39 the Way to Deal With Legacy Systems

39 What to do when facing legacy systems #

Hello, I’m Zheng Ye.

In the previous talk, combining with the scenario of “joining a new company,” I talked about how to apply the knowledge we learned in specific situations. In this talk, let’s choose another typical working scenario to apply what we have learned. This scenario is about facing legacy systems.

In “34 | How did your code become a mess?,” I talked about how code will decay over time, whether intentional or unintentional.
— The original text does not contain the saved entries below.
(* Consider the job set $J$ described in the context, with $p_\ell$ sufficiently large. Let $\sigma=(M_1,M_2)$ be a schedule of $J$ with $\omega_1(\sigma)=0$ and $\ell\in M_1$. Then $\sigma$ can be improved (its makespan strictly decreased) by the 3-swap that interchanges $a_1$ with $b_1,c_1$, making $\omega_1=1$.
   Context: Two identical machines; a schedule $\sigma=(M_1,M_2)$ partitions the jobs into sets processed on machines 1 and 2, with loads $L_i=\sum_{j\in M_i}p_j$ and makespan $\max_iL_i$. Fix $n\ge1$ and the job set $J=\{a_i,b_i,c_i:1\le i\le n\}\cup\{\ell\}$ with $p_{a_i}=2^{n+i+1}+2^{i-1}$, $p_{b_i}=2^{n+i}$, $p_{c_i}=2^{n+i-1}+2^{i-1}$, and $p_\ell$ a sufficiently large number. For each $i$ define $\omega_i(\sigma)=0$ if $a_i\in M_1$ and $b_i,c_i\in M_2$; $\omega_i(\sigma)=1$ if $a_i\in M_2$ and $b_i,c_i\in M_1$; and $\omega_i(\sigma)=-1$ otherwise. A 3-swap interchanges the machine assignments of exactly three jobs (some on each machine); it improves $\sigma$ if the makespan strictly decreases. *)

From mathcomp Require Import all_boot all_algebra.
Set Implicit Arguments. Unset Strict Implicit. Unset Printing Implicit Defensive.

(* Jobs: a_i, b_i, c_i (i : 'I_n, paper index i+1) and the long job l. *)
Definition job (n : nat) : finType := ('I_n + 'I_n + 'I_n + unit)%type.
Definition ja {n} (i : 'I_n) : job n := inl (inl (inl i)).
Definition jb {n} (i : 'I_n) : job n := inl (inl (inr i)).
Definition jc {n} (i : 'I_n) : job n := inl (inr i).
Definition jl {n} : job n := inr tt.

Definition ptime (n pl : nat) (j : job n) : nat :=
  match j with
  | inl (inl (inl i)) => let k := (i : nat).+1 in 2 ^ (n + k + 1) + 2 ^ (k - 1)
  | inl (inl (inr i)) => let k := (i : nat).+1 in 2 ^ (n + k)
  | inl (inr i)       => let k := (i : nat).+1 in 2 ^ (n + k - 1) + 2 ^ (k - 1)
  | inr _             => pl
  end.

(* A schedule assigns each job to machine 1 (true) or machine 2 (false). *)
Definition schedule (n : nat) := job n -> bool.

Definition onM1 {n} (s : schedule n) (j : job n) : bool := s j.
Definition onM2 {n} (s : schedule n) (j : job n) : bool := ~~ s j.

Definition load1 (n pl : nat) (s : schedule n) : nat :=
  \sum_(j : job n | onM1 s j) ptime pl j.
Definition load2 (n pl : nat) (s : schedule n) : nat :=
  \sum_(j : job n | onM2 s j) ptime pl j.
Definition makespan (n pl : nat) (s : schedule n) : nat :=
  maxn (load1 pl s) (load2 pl s).

Definition omega {n} (s : schedule n) (i : 'I_n) : int :=
  if [&& onM1 s (ja i), onM2 s (jb i) & onM2 s (jc i)] then Posz 0
  else if [&& onM2 s (ja i), onM1 s (jb i) & onM1 s (jc i)] then Posz 1
  else Negz 0.

Definition swap {n} (s : schedule n) (S : pred (job n)) : schedule n :=
  fun j => if S j then ~~ s j else s j.

Definition swap3 {n} (s : schedule n) (i : 'I_n) : schedule n :=
  swap s (fun j => (j == ja i) || (j == jb i) || (j == jc i)).

Definition improves (n pl : nat) (s s' : schedule n) : Prop :=
  makespan pl s' < makespan pl s.

From mathcomp Require Import all_boot all_algebra.
From mathcomp Require Import zify.
Set Implicit Arguments. Unset Strict Implicit. Unset Printing Implicit Defensive.

(* Since [p(a_i) = p(b_i) + p(c_i) + 2^(n+i)], the 3-swap moves exactly
   [2^(n+i)] of load from machine 1 to machine 2.  With the long job on
   machine 1 and [p_l] larger than all the other jobs together plus that
   amount, machine 1 carries the makespan before the swap, and after the swap
   both machines are strictly below its old load. *)

Section Loads.

Variables (n pl : nat) (s : schedule n).

Lemma load1_add_load2 : load1 pl s + load2 pl s = \sum_(j : job n) ptime pl j.
Proof. by rewrite [RHS](bigID s). Qed.

Lemma ptime_le_load1 (j : job n) : onM1 s j -> ptime pl j <= load1 pl s.
Proof. by move=> s_j; rewrite /load1 (bigD1 j) //= leq_addr. Qed.

Lemma load1_swap (S : pred (job n)) :
  load1 pl (swap s S) + \sum_(j | S j && s j) ptime pl j =
  load1 pl s + \sum_(j | S j && ~~ s j) ptime pl j.
Proof.
rewrite /load1 /onM1 (big_mkcond (swap s S)) (big_mkcond s).
rewrite (big_mkcond (fun j => S j && s j)) (big_mkcond (fun j => S j && ~~ s j)).
rewrite -!big_split; apply: eq_bigr => j _.
by rewrite /swap; case: (S j); case: (s j); rewrite /= ?addn0.
Qed.

End Loads.

(* Only the long job's time depends on [pl], so [ptime 0] sums the short jobs. *)
Lemma sum_ptime n pl : \sum_(j : job n) ptime pl j = \sum_(j : job n) ptime 0 j + pl.
Proof.
rewrite (bigD1 jl) // [in RHS](bigD1 jl) //= add0n addnC; congr (_ + _).
by apply: eq_bigr => -[[[j|j]|j]|[]].
Qed.

Lemma ptime_ja n pl (i : 'I_n) :
  ptime pl (ja i) = ptime pl (jb i) + ptime pl (jc i) + 2 ^ (n + i).
Proof.
rewrite /= !addnS addn0 !subn1 /= !expnS; lia.
Qed.

Section Swap3.

Variables (n : nat) (s : schedule n) (i : 'I_n).

Lemma omega_eq0 :
  omega s i = 0 -> [/\ s (ja i), ~~ s (jb i) & ~~ s (jc i)].
Proof.
by rewrite /omega /onM1 /onM2; case: (s (ja i)); case: (s (jb i)); case: (s (jc i)).
Qed.

Lemma swap3_ja : swap3 s i (ja i) = ~~ s (ja i).
Proof. by rewrite /swap3 /swap eqxx. Qed.

Lemma swap3_jb : swap3 s i (jb i) = ~~ s (jb i).
Proof. by rewrite /swap3 /swap eqxx orbT. Qed.

Lemma swap3_jc : swap3 s i (jc i) = ~~ s (jc i).
Proof. by rewrite /swap3 /swap eqxx orbT. Qed.

Hypothesis omega_s : omega s i = 0.

Lemma omega_swap3 : omega (swap3 s i) i = 1.
Proof.
have [sa sb sc] := omega_eq0 omega_s.
by rewrite /omega /onM1 /onM2 swap3_ja swap3_jb swap3_jc sa sb sc.
Qed.

Lemma load1_swap3 (pl : nat) :
  load1 pl (swap3 s i) + ptime pl (ja i) =
  load1 pl s + ptime pl (jb i) + ptime pl (jc i).
Proof.
have [sa /negbTE sb /negbTE sc] := omega_eq0 omega_s.
pose S j := (j == ja i) || (j == jb i) || (j == jc i).
have on1 : \sum_(j | S j && s j) ptime pl j = ptime pl (ja i).
  apply: big_pred1 => j; rewrite /S /=.
  have [->|_] := eqVneq j (ja i); first by rewrite sa.
  have [->|_] := eqVneq j (jb i); first by rewrite sb andbF.
  by have [->|] := eqVneq j (jc i); rewrite ?sc ?andbF.
have on2 : \sum_(j | S j && ~~ s j) ptime pl j = ptime pl (jb i) + ptime pl (jc i).
  rewrite (bigD1 (jb i)) /S ?eqxx ?orbT ?sb //; congr (_ + _).
  apply: (big_pred1 (jc i)) => j /=.
  have [->|_] := eqVneq j (ja i); first by rewrite sa andbF.
  have [->|_] := eqVneq j (jb i); first by rewrite andbF.
  by have [->|] := eqVneq j (jc i); rewrite ?sc ?andbF.
by have := load1_swap pl s S; rewrite on1 on2 addnA.
Qed.

End Swap3.

Theorem lemma7 (n : nat) (hn : 0 < n) :
  exists P : nat, forall pl : nat, P <= pl ->
  forall s : schedule n,
    omega s (Ordinal hn) = Posz 0 -> onM1 s jl ->
    improves pl s (swap3 s (Ordinal hn)) /\
    omega (swap3 s (Ordinal hn)) (Ordinal hn) = Posz 1.
Proof.
set i := Ordinal hn.
exists (\sum_(j : job n) ptime 0 j + 2 ^ n).+1 => pl large_pl s omega_s l_on1.
split; last exact: omega_swap3.
have moved := load1_swap3 omega_s pl.
have gap := ptime_ja pl i; rewrite addn0 in gap.
have total := load1_add_load2 pl s.
have total' := load1_add_load2 pl (swap3 s i).
have l_le : pl <= load1 pl s := ptime_le_load1 pl l_on1.
have gap_pos : 0 < 2 ^ n := expn_gt0 2 n.
rewrite sum_ptime in total total'; rewrite /improves /makespan /=.
lia.
Qed.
Even in the best-case scenario, where the code is well designed and carefully maintained, as technology keeps advancing, the system will need to be gradually upgraded and replaced.

For example, we used to think that telecommunications is a unique field, completely independent of IT technology, and all we needed to do was to master CT (Communication Technology) to be worry-free. But with the continuous development of IT technology, the telecommunications field has also started to break down barriers, embrace IT technology, and propose the concept of ICT (Information and Communications Technology).

Therefore, system upgrades and transformations are inevitable, no matter what. The problem is, if you are not willing to maintain the code you wrote three months ago, then when facing complex legacy systems, what should you do?

Many people’s immediate reaction is to rewrite the system. Rewriting without thinking is like buying a lottery ticket. It requires good luck to write it well, but most people are not that lucky, and we can’t always rely on winning the lottery to change our lives. So, is there a slightly more reliable path?

Note: This translation includes the markdown formatting.

Distinguishing Phenomenon from Root Causes #

When facing a massive legacy system, we can once again return to the thinking framework to find a direction.

  • Where are we?
  • Where are we going?
  • How can we get there?

The first question: When facing a legacy system, what is our current situation?

In the earlier part of this column, we mostly discussed how to answer questions about goals and implementation paths. We paid less attention to the “current situation.” This is because in most cases, the current situation is quite obvious. But this time it’s different. You might say, what’s so different? It’s just a legacy system with bad code, so fix it quickly. But please wait!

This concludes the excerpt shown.